(Source records)
-=-=-=-=-

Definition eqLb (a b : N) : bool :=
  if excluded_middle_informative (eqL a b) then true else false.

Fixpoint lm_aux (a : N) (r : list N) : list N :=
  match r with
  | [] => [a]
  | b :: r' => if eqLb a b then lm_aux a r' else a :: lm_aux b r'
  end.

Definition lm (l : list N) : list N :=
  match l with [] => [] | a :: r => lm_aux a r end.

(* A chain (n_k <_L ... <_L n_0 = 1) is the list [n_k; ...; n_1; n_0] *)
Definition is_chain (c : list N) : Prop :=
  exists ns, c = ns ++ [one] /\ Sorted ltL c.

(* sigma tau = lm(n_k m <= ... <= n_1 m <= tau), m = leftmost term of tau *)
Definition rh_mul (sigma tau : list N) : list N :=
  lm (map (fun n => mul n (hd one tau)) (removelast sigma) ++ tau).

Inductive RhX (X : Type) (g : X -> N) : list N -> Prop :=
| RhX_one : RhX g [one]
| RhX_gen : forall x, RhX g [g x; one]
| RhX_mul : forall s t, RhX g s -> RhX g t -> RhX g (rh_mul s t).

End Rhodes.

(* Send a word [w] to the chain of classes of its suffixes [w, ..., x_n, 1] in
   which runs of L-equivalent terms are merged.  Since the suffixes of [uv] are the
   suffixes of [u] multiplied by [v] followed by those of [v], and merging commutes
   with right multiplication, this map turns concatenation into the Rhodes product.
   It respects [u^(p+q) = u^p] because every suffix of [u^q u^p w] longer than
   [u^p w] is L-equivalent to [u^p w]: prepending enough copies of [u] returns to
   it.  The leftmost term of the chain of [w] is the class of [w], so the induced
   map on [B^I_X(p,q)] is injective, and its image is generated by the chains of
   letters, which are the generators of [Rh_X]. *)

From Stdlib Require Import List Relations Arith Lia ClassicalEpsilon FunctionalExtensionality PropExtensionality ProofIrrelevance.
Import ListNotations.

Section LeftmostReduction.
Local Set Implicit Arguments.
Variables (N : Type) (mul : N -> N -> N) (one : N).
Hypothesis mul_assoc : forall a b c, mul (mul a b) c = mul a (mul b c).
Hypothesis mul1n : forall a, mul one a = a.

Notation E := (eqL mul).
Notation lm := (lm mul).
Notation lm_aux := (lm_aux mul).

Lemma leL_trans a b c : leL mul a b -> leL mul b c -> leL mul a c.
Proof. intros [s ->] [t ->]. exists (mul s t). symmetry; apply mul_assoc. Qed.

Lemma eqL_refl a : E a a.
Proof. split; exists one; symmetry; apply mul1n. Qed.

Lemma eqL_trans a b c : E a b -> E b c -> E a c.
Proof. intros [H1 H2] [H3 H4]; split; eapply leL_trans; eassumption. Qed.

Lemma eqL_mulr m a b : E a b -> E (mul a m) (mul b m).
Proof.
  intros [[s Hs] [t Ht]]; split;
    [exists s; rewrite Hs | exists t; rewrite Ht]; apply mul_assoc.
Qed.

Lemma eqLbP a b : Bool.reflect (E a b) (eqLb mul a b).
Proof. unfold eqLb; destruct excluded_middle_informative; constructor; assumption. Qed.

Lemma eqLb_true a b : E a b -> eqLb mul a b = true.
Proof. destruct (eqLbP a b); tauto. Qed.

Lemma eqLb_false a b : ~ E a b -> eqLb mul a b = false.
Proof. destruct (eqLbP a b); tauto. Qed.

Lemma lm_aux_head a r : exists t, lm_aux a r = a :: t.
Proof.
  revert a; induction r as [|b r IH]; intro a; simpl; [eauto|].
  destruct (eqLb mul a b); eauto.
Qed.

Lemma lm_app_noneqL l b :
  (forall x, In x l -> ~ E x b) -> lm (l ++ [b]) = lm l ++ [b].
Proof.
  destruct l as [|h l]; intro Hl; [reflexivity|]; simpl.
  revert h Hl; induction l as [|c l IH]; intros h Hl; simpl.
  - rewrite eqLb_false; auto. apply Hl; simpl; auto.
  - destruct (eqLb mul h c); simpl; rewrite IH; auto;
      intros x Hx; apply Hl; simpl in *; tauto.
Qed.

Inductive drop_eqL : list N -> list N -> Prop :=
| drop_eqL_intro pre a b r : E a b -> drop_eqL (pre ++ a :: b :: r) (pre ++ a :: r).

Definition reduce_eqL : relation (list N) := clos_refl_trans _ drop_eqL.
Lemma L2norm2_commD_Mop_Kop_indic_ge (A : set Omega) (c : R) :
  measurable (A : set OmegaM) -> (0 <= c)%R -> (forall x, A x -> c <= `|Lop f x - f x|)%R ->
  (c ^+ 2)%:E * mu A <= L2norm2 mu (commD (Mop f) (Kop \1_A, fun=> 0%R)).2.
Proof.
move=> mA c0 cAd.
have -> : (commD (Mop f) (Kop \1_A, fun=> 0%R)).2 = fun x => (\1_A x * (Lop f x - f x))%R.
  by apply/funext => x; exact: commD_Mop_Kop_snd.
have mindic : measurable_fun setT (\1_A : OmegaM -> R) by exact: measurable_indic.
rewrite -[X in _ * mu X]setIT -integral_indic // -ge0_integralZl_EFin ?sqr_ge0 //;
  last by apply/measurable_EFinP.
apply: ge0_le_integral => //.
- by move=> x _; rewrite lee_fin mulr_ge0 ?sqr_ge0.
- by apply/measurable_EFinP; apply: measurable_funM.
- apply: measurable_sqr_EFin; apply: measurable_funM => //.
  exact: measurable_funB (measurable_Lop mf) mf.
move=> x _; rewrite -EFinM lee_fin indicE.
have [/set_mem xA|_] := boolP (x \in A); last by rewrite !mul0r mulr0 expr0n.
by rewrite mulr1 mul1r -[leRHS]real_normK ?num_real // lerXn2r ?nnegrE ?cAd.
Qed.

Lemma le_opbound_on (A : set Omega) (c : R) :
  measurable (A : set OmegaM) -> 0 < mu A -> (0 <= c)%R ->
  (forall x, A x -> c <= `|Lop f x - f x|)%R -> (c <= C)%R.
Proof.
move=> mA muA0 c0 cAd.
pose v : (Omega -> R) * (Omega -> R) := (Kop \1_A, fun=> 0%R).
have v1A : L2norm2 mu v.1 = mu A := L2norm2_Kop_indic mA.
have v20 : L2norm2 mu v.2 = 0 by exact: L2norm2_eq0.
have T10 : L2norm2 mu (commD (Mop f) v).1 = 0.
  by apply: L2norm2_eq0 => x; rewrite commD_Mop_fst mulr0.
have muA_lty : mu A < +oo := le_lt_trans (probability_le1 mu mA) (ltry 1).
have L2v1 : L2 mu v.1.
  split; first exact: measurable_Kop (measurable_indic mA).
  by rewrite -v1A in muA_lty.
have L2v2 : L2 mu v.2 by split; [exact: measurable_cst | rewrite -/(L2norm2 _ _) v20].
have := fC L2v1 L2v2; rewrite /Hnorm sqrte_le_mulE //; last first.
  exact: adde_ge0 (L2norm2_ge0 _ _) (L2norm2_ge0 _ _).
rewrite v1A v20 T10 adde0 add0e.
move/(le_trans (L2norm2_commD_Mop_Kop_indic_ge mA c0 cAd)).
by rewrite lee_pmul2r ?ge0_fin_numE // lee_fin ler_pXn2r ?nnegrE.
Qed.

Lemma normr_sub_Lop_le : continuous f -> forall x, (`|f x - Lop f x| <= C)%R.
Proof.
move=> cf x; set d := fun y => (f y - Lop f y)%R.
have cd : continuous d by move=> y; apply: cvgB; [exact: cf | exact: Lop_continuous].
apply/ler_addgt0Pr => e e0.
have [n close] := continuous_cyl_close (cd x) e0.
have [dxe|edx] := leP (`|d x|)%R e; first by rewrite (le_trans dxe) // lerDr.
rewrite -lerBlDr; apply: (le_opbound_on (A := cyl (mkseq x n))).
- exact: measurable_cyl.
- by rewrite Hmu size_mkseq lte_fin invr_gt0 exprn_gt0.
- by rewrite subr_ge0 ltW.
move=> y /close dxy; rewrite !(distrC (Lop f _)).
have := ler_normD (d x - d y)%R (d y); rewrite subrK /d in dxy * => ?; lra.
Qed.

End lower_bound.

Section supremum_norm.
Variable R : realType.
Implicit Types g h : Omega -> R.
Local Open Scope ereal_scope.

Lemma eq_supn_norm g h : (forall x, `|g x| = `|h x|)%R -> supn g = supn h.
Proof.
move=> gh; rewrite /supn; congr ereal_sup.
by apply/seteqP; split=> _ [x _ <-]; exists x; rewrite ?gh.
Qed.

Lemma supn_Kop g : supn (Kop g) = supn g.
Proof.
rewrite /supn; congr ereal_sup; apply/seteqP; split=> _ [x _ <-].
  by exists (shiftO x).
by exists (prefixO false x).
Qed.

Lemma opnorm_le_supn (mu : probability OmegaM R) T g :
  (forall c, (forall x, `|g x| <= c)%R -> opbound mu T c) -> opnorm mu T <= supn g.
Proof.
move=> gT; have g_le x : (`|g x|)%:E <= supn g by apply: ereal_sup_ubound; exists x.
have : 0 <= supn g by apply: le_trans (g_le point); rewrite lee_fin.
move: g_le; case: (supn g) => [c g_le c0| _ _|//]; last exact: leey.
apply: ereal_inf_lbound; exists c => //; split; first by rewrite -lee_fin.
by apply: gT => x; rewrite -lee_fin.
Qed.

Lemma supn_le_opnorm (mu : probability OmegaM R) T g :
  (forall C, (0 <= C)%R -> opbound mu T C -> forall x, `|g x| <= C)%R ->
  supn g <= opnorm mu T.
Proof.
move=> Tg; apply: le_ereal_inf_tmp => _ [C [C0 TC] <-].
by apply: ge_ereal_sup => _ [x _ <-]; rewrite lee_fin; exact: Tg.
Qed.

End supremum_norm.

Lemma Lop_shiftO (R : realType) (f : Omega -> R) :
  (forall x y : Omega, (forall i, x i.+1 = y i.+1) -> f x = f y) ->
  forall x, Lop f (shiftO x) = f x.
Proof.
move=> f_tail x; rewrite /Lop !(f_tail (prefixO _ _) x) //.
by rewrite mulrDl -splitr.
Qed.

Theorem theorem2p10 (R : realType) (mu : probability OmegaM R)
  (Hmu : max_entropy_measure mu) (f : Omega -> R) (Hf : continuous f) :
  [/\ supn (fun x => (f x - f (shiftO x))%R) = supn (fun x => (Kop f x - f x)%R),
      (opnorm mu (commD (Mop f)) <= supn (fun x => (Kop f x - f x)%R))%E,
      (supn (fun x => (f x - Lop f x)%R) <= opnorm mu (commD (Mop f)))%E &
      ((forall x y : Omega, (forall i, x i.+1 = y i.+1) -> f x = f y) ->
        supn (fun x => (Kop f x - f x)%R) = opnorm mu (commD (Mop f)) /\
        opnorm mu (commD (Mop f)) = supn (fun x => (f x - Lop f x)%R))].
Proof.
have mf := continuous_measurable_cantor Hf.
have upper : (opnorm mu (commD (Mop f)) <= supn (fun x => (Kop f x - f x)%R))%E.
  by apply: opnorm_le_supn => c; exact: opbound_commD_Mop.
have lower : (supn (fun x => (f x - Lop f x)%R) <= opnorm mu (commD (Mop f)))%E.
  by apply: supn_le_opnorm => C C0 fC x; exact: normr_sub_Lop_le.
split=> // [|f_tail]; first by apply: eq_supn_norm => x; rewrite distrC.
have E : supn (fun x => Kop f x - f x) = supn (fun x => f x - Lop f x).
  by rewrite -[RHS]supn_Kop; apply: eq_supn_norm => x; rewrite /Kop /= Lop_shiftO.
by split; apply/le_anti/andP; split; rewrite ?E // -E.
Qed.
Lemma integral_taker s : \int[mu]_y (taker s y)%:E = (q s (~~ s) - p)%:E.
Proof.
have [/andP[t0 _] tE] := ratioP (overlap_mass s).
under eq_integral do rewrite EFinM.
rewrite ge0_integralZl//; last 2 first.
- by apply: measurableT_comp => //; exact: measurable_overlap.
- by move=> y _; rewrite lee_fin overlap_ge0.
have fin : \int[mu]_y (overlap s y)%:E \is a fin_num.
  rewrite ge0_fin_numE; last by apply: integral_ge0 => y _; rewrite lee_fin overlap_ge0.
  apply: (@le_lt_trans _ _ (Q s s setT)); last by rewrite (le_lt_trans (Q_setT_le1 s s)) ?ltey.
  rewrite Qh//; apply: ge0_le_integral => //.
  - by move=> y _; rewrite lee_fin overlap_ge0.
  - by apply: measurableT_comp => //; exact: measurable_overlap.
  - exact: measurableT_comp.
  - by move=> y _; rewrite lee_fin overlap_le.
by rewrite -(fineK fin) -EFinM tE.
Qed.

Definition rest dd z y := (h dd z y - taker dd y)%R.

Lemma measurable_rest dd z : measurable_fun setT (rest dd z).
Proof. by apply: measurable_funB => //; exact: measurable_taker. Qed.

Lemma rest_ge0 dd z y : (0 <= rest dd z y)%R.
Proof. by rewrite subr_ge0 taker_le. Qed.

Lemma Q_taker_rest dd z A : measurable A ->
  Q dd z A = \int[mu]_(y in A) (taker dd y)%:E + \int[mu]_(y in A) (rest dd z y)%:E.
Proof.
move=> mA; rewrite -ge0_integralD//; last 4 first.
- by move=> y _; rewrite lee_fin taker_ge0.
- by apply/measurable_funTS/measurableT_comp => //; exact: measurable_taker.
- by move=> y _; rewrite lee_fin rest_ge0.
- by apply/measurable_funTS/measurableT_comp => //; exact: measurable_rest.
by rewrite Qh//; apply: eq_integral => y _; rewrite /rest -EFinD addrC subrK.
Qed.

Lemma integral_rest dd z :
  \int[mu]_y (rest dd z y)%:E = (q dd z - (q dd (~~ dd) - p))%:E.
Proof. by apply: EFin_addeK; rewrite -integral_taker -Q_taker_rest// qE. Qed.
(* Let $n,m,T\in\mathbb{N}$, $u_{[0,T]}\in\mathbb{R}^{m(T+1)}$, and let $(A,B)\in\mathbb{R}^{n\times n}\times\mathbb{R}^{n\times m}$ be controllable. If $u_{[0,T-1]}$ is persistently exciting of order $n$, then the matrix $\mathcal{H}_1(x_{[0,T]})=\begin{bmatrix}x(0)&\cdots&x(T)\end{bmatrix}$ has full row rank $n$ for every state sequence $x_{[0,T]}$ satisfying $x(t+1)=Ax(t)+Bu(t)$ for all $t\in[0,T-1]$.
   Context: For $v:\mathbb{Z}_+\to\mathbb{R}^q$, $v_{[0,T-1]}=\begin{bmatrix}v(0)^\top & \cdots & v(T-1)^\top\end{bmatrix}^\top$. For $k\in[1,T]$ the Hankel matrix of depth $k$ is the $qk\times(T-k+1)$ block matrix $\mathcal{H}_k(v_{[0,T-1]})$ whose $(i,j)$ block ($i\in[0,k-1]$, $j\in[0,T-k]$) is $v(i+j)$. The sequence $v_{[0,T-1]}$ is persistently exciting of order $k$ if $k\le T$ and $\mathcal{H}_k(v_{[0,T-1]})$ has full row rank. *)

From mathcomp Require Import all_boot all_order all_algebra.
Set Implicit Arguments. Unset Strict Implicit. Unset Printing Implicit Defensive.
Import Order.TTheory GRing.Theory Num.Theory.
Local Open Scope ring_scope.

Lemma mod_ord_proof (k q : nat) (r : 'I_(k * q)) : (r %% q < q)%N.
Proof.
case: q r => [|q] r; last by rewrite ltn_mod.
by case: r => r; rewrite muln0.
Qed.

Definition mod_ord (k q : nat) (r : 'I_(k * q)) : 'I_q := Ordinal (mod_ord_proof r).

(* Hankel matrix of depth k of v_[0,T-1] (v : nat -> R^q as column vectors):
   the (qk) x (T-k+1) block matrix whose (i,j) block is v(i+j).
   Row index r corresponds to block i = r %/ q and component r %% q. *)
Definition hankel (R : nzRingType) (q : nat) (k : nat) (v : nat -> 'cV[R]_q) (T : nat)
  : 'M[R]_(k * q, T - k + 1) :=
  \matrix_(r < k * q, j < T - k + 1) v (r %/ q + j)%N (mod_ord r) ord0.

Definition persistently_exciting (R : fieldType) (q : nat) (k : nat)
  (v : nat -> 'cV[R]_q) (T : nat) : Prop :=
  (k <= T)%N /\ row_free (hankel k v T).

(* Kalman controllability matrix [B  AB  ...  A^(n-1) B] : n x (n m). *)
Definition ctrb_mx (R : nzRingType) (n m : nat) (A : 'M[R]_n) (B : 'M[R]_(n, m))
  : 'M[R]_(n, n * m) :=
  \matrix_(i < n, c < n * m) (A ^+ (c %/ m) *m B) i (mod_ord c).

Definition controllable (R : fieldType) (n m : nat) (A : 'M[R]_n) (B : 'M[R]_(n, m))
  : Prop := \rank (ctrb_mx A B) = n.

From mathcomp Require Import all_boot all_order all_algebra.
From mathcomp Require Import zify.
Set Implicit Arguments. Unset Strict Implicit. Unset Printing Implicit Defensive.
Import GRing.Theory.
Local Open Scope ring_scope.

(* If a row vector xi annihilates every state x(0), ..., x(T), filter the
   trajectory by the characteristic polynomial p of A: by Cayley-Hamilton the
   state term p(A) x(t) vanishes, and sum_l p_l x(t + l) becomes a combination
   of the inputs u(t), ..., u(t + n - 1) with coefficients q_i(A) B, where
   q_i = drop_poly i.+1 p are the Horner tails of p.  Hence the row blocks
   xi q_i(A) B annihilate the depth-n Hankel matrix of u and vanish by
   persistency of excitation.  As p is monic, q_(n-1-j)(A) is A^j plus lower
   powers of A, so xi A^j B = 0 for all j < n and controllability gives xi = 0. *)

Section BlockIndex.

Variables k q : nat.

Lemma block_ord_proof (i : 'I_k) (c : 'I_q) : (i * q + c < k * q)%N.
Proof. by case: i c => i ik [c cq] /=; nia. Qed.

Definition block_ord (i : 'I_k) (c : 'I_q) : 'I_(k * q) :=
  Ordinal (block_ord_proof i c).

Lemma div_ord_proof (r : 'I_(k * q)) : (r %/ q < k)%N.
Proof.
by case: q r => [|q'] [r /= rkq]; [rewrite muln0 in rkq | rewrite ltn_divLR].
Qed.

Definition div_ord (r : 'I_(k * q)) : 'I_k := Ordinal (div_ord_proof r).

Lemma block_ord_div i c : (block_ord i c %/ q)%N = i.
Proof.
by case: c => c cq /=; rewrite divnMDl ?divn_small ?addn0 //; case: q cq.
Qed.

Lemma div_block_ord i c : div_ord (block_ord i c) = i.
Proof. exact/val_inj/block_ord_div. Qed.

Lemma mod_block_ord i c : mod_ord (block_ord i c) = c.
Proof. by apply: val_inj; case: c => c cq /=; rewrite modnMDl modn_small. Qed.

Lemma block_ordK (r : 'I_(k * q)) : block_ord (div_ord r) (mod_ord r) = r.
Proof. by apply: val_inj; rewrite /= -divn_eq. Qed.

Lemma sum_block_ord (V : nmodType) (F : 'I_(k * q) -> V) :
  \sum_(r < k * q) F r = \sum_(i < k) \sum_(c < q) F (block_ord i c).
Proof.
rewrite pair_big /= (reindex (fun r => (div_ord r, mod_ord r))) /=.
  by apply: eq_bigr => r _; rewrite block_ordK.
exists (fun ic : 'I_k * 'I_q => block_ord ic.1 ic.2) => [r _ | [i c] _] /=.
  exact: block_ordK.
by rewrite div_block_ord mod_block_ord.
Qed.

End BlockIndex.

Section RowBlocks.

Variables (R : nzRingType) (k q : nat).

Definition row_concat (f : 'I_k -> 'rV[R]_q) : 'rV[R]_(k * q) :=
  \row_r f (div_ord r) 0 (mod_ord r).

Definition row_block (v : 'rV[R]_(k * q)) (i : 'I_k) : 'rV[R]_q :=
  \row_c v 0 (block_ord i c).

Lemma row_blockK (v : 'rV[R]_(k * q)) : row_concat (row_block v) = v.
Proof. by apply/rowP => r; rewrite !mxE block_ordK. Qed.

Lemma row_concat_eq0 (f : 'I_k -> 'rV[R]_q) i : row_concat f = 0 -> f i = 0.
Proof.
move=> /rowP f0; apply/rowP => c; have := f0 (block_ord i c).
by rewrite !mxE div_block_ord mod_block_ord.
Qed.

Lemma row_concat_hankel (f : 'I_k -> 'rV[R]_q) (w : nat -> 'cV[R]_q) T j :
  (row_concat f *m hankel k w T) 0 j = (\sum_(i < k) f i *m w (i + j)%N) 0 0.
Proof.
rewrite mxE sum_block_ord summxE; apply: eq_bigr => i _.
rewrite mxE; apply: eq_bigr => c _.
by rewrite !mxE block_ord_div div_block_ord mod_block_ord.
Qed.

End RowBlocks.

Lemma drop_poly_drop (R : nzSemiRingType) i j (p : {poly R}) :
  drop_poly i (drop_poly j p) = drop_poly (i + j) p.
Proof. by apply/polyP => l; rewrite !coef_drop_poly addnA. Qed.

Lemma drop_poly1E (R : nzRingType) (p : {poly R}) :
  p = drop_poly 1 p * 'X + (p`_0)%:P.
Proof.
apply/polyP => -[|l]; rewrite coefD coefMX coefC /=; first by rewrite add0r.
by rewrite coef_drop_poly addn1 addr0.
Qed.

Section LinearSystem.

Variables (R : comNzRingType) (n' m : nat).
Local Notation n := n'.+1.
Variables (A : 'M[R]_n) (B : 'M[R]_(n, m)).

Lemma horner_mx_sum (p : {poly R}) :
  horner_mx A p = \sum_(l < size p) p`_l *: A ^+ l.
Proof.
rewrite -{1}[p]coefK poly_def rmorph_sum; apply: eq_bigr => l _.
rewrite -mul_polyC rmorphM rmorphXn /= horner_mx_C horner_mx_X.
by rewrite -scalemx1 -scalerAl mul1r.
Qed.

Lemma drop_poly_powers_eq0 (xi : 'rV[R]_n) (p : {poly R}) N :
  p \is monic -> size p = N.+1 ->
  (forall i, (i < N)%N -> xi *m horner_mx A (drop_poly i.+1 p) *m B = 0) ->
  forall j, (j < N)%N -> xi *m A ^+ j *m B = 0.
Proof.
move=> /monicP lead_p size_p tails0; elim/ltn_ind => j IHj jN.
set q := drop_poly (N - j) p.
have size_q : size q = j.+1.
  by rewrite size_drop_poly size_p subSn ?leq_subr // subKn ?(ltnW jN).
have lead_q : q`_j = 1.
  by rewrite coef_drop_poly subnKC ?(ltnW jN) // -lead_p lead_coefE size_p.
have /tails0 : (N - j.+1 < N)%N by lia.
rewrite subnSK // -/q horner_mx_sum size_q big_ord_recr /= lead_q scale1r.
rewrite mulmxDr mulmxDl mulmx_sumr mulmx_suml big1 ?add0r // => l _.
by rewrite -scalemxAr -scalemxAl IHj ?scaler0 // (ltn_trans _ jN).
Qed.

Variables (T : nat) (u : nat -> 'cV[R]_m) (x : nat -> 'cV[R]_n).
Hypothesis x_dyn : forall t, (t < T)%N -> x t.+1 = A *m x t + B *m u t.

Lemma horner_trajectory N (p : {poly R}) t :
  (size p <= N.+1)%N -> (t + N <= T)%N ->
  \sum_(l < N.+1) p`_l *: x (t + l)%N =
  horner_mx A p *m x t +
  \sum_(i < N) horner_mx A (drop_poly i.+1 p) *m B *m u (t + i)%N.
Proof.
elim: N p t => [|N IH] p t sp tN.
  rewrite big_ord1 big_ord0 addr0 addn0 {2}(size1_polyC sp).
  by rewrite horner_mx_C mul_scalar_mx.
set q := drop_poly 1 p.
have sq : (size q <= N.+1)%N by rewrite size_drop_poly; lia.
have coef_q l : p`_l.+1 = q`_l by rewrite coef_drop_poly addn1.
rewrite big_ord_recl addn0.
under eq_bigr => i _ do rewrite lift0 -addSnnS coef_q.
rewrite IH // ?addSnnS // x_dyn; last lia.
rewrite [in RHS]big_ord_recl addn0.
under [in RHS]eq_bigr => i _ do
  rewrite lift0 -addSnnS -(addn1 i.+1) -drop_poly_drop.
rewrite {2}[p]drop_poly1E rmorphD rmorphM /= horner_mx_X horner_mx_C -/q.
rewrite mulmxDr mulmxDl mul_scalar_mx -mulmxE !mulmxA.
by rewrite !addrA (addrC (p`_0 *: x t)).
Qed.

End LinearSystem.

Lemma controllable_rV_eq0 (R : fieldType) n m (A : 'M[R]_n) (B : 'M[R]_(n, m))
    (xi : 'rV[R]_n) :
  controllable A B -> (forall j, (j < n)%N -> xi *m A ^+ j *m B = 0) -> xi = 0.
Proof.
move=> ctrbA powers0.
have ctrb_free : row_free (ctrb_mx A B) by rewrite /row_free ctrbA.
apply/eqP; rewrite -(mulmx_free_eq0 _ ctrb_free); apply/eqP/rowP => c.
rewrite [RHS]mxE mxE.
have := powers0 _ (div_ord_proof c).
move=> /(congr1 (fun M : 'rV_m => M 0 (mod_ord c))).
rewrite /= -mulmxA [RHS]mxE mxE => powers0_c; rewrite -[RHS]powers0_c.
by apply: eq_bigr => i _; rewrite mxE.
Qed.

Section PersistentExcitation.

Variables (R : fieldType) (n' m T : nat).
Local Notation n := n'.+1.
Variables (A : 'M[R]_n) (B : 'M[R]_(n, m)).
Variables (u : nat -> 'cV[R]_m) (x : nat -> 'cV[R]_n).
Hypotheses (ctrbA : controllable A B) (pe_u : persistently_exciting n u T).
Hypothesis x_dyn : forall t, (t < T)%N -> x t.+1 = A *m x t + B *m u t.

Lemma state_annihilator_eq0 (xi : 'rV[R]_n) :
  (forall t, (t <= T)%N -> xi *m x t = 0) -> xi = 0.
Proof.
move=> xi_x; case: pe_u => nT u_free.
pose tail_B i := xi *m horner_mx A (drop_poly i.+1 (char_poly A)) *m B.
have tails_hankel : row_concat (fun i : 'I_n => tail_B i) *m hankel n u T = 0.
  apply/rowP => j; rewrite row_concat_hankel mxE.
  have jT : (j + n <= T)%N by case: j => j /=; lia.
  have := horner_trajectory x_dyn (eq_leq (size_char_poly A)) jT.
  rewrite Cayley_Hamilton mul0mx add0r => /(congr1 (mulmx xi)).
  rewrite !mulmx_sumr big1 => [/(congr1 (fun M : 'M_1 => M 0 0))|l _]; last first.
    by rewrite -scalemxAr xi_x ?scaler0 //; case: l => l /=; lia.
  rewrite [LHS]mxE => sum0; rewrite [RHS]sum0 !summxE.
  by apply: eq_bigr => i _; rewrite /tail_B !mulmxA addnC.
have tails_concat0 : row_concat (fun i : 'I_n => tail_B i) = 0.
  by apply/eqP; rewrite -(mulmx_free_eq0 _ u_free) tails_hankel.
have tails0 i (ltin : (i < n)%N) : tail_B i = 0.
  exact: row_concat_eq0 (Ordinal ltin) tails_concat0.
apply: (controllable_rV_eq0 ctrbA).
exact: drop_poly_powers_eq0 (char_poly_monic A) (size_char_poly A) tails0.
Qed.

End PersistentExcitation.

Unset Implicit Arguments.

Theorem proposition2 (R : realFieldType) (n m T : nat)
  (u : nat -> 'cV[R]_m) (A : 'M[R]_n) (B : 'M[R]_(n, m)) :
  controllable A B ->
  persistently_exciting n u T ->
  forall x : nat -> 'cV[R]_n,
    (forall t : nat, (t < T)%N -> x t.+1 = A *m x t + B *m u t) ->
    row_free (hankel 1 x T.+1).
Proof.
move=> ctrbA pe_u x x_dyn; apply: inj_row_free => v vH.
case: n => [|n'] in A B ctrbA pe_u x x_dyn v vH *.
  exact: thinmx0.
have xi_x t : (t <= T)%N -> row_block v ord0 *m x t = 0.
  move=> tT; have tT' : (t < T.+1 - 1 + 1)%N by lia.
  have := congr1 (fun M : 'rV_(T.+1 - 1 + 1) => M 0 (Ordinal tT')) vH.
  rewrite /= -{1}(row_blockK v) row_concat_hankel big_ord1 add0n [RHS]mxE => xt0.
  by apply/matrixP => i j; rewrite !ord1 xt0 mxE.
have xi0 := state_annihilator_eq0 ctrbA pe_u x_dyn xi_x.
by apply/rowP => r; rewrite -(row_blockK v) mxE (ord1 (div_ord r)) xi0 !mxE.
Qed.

-=-=-=-=-

All that should be written out is the stretch of lines above between the one holding "(row_concat f *m" and the one holding "eq_bigr => l _.", inclusive, exactly as given.

  (row_concat f *m hankel k w T) 0 j = (\sum_(i < k) f i *m w (i + j)%N) 0 0.
Proof.
rewrite mxE sum_block_ord summxE; apply: eq_bigr => i _.
rewrite mxE; apply: eq_bigr => c _.
by rewrite !mxE block_ord_div div_block_ord mod_block_ord.
Qed.

End RowBlocks.

Lemma drop_poly_drop (R : nzSemiRingType) i j (p : {poly R}) :
  drop_poly i (drop_poly j p) = drop_poly (i + j) p.
Proof. by apply/polyP => l; rewrite !coef_drop_poly addnA. Qed.

Lemma drop_poly1E (R : nzRingType) (p : {poly R}) :
  p = drop_poly 1 p * 'X + (p`_0)%:P.
Proof.
apply/polyP => -[|l]; rewrite coefD coefMX coefC /=; first by rewrite add0r.
by rewrite coef_drop_poly addn1 addr0.
Qed.

Section LinearSystem.

Variables (R : comNzRingType) (n' m : nat).
Local Notation n := n'.+1.
Variables (A : 'M[R]_n) (B : 'M[R]_(n, m)).

Lemma horner_mx_sum (p : {poly R}) :
  horner_mx A p = \sum_(l < size p) p`_l *: A ^+ l.
Proof.
rewrite -{1}[p]coefK poly_def rmorph_sum; apply: eq_bigr => l _.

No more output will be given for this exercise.